--- Task details ---
Each line below from the one containing "((i < j) && (j - i < k))" through the one containing "Local Notation n := (block_order k m)." should be output exactly as it stands, and no other line should appear.

________

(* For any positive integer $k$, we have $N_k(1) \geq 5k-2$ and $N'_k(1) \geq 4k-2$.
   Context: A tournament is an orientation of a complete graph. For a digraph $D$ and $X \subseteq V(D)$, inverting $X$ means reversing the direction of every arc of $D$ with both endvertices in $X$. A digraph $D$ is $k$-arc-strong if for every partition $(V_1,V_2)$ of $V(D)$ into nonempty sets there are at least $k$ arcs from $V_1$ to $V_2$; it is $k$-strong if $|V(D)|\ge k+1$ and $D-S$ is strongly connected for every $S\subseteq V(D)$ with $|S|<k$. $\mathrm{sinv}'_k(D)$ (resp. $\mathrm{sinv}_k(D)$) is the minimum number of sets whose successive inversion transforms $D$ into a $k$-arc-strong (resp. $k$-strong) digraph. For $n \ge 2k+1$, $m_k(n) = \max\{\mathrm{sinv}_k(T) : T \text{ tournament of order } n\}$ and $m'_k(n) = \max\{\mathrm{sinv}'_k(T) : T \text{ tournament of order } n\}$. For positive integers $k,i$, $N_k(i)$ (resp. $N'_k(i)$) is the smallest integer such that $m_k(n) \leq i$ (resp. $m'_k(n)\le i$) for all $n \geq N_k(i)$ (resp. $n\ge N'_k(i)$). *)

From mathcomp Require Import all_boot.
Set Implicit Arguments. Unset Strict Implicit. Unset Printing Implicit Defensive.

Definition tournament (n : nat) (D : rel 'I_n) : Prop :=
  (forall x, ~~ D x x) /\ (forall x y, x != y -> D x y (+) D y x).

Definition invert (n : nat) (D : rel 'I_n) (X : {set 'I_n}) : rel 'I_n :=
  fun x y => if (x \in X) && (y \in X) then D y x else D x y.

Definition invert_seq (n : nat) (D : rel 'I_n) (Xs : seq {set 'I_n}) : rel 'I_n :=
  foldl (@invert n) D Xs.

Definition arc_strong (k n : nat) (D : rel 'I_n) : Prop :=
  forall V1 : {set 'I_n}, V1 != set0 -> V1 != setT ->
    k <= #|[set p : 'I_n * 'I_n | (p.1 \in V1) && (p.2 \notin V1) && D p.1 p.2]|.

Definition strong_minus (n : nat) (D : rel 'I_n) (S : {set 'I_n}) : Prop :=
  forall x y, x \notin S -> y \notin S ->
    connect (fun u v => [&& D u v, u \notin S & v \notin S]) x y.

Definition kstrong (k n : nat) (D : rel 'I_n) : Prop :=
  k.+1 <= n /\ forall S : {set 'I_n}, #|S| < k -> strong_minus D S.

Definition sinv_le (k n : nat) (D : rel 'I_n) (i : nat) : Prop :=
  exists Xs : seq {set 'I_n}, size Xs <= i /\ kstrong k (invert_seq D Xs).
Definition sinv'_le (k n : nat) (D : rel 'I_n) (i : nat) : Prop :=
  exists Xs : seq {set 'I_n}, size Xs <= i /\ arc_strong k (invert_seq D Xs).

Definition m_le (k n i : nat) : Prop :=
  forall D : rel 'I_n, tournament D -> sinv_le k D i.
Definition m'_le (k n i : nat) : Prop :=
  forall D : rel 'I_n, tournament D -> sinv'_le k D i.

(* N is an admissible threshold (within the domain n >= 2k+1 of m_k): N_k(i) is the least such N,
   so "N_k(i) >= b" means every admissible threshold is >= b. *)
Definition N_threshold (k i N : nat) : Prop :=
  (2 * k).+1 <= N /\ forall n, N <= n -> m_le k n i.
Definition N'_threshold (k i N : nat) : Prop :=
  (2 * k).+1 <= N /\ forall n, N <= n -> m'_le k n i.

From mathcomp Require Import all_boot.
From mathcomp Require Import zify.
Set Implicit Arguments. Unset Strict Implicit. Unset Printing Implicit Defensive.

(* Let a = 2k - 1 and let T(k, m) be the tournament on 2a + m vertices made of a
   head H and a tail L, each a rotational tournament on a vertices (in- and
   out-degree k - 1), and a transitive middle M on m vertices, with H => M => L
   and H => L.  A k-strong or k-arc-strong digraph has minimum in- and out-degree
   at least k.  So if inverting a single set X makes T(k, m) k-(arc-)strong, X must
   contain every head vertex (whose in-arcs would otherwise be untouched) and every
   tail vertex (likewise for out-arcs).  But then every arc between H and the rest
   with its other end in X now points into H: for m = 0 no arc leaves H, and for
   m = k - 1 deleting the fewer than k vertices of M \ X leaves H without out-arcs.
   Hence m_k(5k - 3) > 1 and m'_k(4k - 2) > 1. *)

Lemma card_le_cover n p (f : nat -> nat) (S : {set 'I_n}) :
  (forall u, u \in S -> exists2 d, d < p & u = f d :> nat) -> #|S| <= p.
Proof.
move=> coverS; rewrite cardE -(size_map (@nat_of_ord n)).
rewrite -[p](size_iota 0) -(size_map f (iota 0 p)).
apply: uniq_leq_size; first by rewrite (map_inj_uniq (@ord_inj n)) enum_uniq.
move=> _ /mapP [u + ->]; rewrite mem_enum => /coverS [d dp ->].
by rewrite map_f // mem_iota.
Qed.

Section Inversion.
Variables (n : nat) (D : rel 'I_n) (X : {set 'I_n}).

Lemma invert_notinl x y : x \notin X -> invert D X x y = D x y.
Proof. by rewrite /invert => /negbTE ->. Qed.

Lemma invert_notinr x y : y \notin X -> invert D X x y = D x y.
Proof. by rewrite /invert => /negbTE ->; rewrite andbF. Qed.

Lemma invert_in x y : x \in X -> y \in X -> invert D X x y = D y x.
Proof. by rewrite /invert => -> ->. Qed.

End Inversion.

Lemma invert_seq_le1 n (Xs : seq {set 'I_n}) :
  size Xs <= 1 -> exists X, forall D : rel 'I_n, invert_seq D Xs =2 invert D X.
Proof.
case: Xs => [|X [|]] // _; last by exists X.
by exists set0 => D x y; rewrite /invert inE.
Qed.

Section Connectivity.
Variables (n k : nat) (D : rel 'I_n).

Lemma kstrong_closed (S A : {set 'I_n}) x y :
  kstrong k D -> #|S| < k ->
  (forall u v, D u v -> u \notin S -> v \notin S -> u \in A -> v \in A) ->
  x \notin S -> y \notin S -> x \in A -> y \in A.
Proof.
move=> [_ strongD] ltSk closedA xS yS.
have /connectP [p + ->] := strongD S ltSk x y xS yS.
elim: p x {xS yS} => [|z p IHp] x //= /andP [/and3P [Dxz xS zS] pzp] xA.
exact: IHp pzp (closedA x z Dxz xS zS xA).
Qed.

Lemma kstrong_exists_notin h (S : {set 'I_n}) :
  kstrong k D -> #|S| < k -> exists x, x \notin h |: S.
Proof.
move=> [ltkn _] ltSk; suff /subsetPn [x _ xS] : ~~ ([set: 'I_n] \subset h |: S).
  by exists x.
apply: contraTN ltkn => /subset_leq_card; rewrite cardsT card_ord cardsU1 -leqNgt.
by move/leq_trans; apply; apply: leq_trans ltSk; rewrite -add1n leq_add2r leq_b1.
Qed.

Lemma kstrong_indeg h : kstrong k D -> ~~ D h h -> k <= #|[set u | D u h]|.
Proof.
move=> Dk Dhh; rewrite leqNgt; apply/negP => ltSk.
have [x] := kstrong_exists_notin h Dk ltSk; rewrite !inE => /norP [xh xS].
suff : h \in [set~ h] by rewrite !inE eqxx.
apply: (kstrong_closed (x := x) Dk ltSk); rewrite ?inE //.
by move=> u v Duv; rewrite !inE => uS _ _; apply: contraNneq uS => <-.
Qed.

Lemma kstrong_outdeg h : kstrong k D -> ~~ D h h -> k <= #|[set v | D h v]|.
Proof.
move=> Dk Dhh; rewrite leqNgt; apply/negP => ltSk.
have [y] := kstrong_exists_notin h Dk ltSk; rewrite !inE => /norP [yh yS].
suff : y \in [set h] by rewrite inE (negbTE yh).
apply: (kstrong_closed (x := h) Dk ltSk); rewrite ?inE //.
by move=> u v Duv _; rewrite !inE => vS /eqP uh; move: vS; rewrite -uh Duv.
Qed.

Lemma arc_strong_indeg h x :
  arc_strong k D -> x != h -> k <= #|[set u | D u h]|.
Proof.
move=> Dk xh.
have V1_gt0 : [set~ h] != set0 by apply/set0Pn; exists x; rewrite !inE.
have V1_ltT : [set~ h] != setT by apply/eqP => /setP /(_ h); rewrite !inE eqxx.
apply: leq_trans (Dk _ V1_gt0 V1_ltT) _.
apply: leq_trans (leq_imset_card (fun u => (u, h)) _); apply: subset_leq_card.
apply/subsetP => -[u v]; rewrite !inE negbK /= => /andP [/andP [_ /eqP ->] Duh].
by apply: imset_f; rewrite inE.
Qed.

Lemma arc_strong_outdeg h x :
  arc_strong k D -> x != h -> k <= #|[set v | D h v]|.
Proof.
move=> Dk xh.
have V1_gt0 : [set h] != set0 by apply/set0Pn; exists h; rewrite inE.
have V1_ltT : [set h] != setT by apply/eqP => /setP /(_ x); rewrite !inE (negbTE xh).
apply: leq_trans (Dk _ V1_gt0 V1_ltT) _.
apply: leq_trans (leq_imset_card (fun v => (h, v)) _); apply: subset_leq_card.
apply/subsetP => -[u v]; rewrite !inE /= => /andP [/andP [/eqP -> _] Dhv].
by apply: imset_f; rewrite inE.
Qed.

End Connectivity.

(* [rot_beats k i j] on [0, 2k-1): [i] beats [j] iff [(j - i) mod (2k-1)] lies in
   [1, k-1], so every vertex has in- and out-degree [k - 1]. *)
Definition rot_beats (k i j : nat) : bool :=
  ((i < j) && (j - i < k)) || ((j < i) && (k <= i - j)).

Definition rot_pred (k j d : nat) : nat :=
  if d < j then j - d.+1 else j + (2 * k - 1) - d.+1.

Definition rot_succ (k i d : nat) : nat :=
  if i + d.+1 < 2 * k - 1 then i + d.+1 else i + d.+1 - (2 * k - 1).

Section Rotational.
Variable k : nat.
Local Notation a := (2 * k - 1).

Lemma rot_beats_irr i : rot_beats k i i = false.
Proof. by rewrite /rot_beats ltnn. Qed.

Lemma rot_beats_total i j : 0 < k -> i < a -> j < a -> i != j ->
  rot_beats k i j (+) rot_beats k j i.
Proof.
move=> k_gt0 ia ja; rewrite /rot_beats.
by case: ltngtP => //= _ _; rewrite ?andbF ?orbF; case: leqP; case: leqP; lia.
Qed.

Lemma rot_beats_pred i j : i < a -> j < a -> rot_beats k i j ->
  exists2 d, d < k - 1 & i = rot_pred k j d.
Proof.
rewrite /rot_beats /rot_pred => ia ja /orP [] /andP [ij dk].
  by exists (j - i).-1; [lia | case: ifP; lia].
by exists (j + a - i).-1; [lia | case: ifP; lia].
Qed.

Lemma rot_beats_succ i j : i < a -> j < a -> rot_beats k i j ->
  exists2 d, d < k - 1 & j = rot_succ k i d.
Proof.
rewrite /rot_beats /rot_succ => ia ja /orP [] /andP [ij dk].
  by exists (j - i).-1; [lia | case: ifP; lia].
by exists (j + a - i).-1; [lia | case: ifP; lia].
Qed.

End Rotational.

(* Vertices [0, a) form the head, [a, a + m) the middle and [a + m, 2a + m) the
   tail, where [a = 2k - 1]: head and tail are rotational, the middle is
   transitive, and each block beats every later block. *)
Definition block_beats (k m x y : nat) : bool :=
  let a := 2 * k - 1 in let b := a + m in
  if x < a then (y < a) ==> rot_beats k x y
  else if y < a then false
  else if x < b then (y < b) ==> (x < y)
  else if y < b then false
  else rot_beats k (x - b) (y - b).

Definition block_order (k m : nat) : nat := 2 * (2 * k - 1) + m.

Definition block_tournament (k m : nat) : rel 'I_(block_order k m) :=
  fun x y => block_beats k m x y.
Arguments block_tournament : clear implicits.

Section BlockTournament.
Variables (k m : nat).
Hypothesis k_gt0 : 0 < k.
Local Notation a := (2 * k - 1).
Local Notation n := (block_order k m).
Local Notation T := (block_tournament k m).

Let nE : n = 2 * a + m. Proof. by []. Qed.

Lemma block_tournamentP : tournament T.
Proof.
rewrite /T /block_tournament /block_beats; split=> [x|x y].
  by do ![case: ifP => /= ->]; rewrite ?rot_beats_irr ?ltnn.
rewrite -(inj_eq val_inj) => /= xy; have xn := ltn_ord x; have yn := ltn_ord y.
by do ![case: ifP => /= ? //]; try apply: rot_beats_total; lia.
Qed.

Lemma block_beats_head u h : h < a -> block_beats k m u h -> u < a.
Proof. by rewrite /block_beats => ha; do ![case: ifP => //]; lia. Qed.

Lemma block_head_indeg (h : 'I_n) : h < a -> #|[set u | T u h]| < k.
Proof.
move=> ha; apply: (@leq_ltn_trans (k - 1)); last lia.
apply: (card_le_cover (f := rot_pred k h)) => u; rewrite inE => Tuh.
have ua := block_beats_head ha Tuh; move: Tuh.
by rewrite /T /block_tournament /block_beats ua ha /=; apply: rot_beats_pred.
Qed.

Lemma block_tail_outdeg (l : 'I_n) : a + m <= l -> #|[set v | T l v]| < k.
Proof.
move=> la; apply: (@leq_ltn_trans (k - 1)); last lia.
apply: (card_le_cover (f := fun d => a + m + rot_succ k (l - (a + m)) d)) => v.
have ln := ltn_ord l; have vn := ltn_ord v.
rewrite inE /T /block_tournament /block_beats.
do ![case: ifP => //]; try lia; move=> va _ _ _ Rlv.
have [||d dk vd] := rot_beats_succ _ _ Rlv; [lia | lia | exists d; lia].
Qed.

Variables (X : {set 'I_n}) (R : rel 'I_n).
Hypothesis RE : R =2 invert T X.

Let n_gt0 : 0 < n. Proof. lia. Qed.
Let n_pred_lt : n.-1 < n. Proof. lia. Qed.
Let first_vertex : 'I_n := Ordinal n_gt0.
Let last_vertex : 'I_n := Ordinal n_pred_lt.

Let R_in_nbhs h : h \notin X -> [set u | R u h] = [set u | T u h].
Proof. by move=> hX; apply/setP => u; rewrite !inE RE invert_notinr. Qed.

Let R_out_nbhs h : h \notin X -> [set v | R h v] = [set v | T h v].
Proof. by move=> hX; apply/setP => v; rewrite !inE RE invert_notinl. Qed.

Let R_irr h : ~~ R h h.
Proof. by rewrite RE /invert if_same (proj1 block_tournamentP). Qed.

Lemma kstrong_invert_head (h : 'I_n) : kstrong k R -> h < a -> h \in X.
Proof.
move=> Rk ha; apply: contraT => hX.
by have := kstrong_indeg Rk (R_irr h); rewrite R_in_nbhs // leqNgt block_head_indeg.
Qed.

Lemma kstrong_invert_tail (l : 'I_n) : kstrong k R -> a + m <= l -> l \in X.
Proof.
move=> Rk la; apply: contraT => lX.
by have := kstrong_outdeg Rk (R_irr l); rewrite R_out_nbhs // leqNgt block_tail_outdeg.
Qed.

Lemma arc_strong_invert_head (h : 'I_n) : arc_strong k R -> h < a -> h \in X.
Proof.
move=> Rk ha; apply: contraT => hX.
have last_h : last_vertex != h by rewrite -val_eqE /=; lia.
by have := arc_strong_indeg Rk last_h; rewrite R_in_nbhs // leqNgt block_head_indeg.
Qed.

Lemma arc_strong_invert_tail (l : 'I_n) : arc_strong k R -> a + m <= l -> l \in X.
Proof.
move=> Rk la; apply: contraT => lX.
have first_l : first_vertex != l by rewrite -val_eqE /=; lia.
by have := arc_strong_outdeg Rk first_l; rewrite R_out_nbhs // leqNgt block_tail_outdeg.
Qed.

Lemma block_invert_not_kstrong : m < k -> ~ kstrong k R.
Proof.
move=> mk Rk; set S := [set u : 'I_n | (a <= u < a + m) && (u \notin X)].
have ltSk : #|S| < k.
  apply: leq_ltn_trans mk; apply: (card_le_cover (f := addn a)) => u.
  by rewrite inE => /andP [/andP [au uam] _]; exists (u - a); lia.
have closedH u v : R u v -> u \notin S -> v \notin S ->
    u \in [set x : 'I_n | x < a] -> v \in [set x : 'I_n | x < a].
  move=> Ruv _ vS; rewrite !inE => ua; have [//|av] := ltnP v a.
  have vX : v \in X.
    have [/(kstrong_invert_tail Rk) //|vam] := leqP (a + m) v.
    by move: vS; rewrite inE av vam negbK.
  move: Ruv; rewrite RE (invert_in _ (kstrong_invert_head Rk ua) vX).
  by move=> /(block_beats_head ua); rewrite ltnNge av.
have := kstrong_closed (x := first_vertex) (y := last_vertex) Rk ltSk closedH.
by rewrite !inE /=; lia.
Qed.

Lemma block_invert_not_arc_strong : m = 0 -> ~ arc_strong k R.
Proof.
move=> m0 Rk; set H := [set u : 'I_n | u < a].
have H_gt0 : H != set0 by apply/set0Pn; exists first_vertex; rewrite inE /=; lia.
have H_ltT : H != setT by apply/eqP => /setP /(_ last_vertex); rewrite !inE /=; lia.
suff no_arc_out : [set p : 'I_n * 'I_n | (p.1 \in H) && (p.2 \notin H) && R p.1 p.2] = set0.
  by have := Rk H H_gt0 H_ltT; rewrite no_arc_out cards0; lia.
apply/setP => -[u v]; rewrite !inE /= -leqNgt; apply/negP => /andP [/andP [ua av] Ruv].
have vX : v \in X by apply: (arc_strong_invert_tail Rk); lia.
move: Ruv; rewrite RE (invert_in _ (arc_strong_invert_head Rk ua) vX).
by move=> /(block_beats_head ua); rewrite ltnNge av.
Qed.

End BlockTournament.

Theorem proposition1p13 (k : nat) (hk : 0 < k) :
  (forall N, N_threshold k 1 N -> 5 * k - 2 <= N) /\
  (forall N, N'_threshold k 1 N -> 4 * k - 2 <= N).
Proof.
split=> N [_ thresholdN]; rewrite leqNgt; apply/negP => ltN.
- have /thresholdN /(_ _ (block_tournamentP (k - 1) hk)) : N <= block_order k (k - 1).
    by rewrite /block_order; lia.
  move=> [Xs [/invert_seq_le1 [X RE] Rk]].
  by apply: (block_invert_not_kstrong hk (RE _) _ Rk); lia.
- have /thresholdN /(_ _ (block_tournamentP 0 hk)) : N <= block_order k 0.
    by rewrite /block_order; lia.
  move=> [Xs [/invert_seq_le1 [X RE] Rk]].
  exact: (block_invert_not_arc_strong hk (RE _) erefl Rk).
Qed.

________

--- Answer box ---
  ((i < j) && (j - i < k)) || ((j < i) && (k <= i - j)).

Definition rot_pred (k j d : nat) : nat :=
  if d < j then j - d.+1 else j + (2 * k - 1) - d.+1.

Definition rot_succ (k i d : nat) : nat :=
  if i + d.+1 < 2 * k - 1 then i + d.+1 else i + d.+1 - (2 * k - 1).

Section Rotational.
Variable k : nat.
Local Notation a := (2 * k - 1).

Lemma rot_beats_irr i : rot_beats k i i = false.
Proof. by rewrite /rot_beats ltnn. Qed.

Lemma rot_beats_total i j : 0 < k -> i < a -> j < a -> i != j ->
  rot_beats k i j (+) rot_beats k j i.
Proof.
move=> k_gt0 ia ja; rewrite /rot_beats.
by case: ltngtP => //= _ _; rewrite ?andbF ?orbF; case: leqP; case: leqP; lia.
Qed.

Lemma rot_beats_pred i j : i < a -> j < a -> rot_beats k i j ->
  exists2 d, d < k - 1 & i = rot_pred k j d.
Proof.
rewrite /rot_beats /rot_pred => ia ja /orP [] /andP [ij dk].
  by exists (j - i).-1; [lia | case: ifP; lia].
by exists (j + a - i).-1; [lia | case: ifP; lia].
Qed.

Lemma rot_beats_succ i j : i < a -> j < a -> rot_beats k i j ->
  exists2 d, d < k - 1 & j = rot_succ k i d.
Proof.
rewrite /rot_beats /rot_succ => ia ja /orP [] /andP [ij dk].
  by exists (j - i).-1; [lia | case: ifP; lia].
by exists (j + a - i).-1; [lia | case: ifP; lia].
Qed.

End Rotational.

(* Vertices [0, a) form the head, [a, a + m) the middle and [a + m, 2a + m) the
   tail, where [a = 2k - 1]: head and tail are rotational, the middle is
   transitive, and each block beats every later block. *)
Definition block_beats (k m x y : nat) : bool :=
  let a := 2 * k - 1 in let b := a + m in
  if x < a then (y < a) ==> rot_beats k x y
  else if y < a then false
  else if x < b then (y < b) ==> (x < y)
  else if y < b then false
  else rot_beats k (x - b) (y - b).

Definition block_order (k m : nat) : nat := 2 * (2 * k - 1) + m.

Definition block_tournament (k m : nat) : rel 'I_(block_order k m) :=
  fun x y => block_beats k m x y.
Arguments block_tournament : clear implicits.

Section BlockTournament.
Variables (k m : nat).
Hypothesis k_gt0 : 0 < k.
Local Notation a := (2 * k - 1).
Local Notation n := (block_order k m).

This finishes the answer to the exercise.